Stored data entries
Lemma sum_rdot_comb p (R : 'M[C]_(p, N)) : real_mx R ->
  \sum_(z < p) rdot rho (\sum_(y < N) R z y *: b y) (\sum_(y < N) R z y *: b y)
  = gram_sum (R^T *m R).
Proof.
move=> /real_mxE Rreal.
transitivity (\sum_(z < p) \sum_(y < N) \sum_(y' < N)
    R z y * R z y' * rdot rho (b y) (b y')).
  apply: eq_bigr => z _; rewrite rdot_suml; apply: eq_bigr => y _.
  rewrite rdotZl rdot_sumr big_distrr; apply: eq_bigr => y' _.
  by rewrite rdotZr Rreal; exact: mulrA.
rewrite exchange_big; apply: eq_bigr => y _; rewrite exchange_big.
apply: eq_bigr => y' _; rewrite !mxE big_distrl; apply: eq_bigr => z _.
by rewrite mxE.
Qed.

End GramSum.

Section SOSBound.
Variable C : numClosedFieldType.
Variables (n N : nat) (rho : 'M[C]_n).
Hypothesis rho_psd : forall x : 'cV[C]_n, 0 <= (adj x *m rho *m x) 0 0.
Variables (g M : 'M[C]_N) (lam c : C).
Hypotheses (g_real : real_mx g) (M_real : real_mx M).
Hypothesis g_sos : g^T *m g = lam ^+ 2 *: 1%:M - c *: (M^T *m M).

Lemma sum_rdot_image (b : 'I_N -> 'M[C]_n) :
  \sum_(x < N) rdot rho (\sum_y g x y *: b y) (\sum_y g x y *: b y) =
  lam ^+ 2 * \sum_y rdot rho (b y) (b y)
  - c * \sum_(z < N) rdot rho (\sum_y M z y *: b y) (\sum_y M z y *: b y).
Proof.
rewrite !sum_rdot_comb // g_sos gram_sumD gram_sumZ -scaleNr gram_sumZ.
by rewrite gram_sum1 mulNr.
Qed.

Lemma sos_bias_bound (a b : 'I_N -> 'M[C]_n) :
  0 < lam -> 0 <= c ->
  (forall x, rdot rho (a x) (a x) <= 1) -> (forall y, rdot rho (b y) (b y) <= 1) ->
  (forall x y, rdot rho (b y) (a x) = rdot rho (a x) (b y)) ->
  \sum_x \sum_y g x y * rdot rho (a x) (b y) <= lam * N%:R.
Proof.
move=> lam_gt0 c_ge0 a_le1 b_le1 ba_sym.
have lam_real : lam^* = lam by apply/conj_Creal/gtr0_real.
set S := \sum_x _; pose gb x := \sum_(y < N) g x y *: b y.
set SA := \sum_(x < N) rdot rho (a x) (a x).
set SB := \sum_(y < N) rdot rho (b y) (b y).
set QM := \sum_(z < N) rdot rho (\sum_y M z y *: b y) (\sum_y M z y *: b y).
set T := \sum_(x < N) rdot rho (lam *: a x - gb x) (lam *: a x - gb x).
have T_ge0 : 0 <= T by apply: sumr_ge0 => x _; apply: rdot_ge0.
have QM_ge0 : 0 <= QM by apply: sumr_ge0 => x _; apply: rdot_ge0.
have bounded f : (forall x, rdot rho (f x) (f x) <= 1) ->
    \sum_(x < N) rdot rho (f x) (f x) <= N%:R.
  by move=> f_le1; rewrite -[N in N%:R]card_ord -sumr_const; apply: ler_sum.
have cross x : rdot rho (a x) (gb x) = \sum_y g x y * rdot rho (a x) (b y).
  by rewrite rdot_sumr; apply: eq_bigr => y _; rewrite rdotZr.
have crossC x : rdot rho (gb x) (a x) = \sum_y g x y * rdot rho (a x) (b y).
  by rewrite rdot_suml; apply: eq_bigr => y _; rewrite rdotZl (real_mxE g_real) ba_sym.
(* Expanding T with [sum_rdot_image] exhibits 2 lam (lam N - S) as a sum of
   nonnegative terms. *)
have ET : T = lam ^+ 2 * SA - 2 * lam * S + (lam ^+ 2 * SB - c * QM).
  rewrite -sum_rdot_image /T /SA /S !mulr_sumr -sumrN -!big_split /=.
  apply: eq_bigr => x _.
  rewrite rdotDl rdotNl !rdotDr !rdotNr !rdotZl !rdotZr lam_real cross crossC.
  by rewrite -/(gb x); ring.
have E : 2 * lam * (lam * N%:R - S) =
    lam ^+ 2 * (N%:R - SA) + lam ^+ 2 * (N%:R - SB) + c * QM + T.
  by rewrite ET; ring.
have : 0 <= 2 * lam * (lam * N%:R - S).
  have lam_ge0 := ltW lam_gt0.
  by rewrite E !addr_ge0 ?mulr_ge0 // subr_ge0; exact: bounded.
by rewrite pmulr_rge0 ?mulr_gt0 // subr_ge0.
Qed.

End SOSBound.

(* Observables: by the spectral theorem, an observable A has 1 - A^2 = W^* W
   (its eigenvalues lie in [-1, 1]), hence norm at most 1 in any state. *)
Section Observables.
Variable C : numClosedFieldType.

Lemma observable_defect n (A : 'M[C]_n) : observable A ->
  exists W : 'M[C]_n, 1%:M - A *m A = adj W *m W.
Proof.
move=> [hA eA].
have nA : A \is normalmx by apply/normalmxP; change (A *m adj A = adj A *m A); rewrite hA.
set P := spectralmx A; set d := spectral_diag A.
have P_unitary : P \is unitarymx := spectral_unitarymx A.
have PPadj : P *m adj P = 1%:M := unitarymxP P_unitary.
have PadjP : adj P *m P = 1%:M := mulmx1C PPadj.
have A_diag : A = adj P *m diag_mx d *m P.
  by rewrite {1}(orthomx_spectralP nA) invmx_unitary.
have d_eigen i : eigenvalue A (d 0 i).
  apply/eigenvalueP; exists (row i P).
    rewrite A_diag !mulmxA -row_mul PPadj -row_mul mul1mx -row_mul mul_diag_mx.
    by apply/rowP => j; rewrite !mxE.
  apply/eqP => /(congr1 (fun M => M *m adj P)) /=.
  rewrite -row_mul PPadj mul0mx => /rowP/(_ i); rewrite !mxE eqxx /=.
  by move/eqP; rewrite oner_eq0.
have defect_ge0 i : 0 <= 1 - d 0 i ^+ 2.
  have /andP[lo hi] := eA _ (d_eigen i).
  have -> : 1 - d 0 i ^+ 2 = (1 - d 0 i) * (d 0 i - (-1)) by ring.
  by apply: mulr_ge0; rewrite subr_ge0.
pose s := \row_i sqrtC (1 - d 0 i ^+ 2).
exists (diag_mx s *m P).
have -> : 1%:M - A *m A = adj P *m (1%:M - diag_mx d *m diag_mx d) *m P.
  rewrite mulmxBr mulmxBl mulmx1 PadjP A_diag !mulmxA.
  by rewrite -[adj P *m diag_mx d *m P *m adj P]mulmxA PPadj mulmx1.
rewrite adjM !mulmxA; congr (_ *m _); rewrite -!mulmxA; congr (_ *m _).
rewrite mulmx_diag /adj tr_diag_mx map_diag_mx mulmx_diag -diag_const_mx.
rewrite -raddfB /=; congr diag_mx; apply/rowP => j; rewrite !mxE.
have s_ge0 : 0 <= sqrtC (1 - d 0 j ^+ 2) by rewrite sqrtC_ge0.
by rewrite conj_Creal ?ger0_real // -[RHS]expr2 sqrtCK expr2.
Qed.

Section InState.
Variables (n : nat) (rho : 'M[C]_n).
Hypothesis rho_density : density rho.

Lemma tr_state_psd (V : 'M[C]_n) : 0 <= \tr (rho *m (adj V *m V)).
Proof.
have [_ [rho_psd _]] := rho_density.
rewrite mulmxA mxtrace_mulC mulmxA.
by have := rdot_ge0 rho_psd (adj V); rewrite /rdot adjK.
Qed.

- **How to complete this task**
Set down, exactly and only, the lines running from the one holding "rewrite mulmxA mxtrace_mulC mulmxA." through the end of the records above, both ends included.

- **Task output**
rewrite mulmxA mxtrace_mulC mulmxA.
by have := rdot_ge0 rho_psd (adj V); rewrite /rdot adjK.
Qed.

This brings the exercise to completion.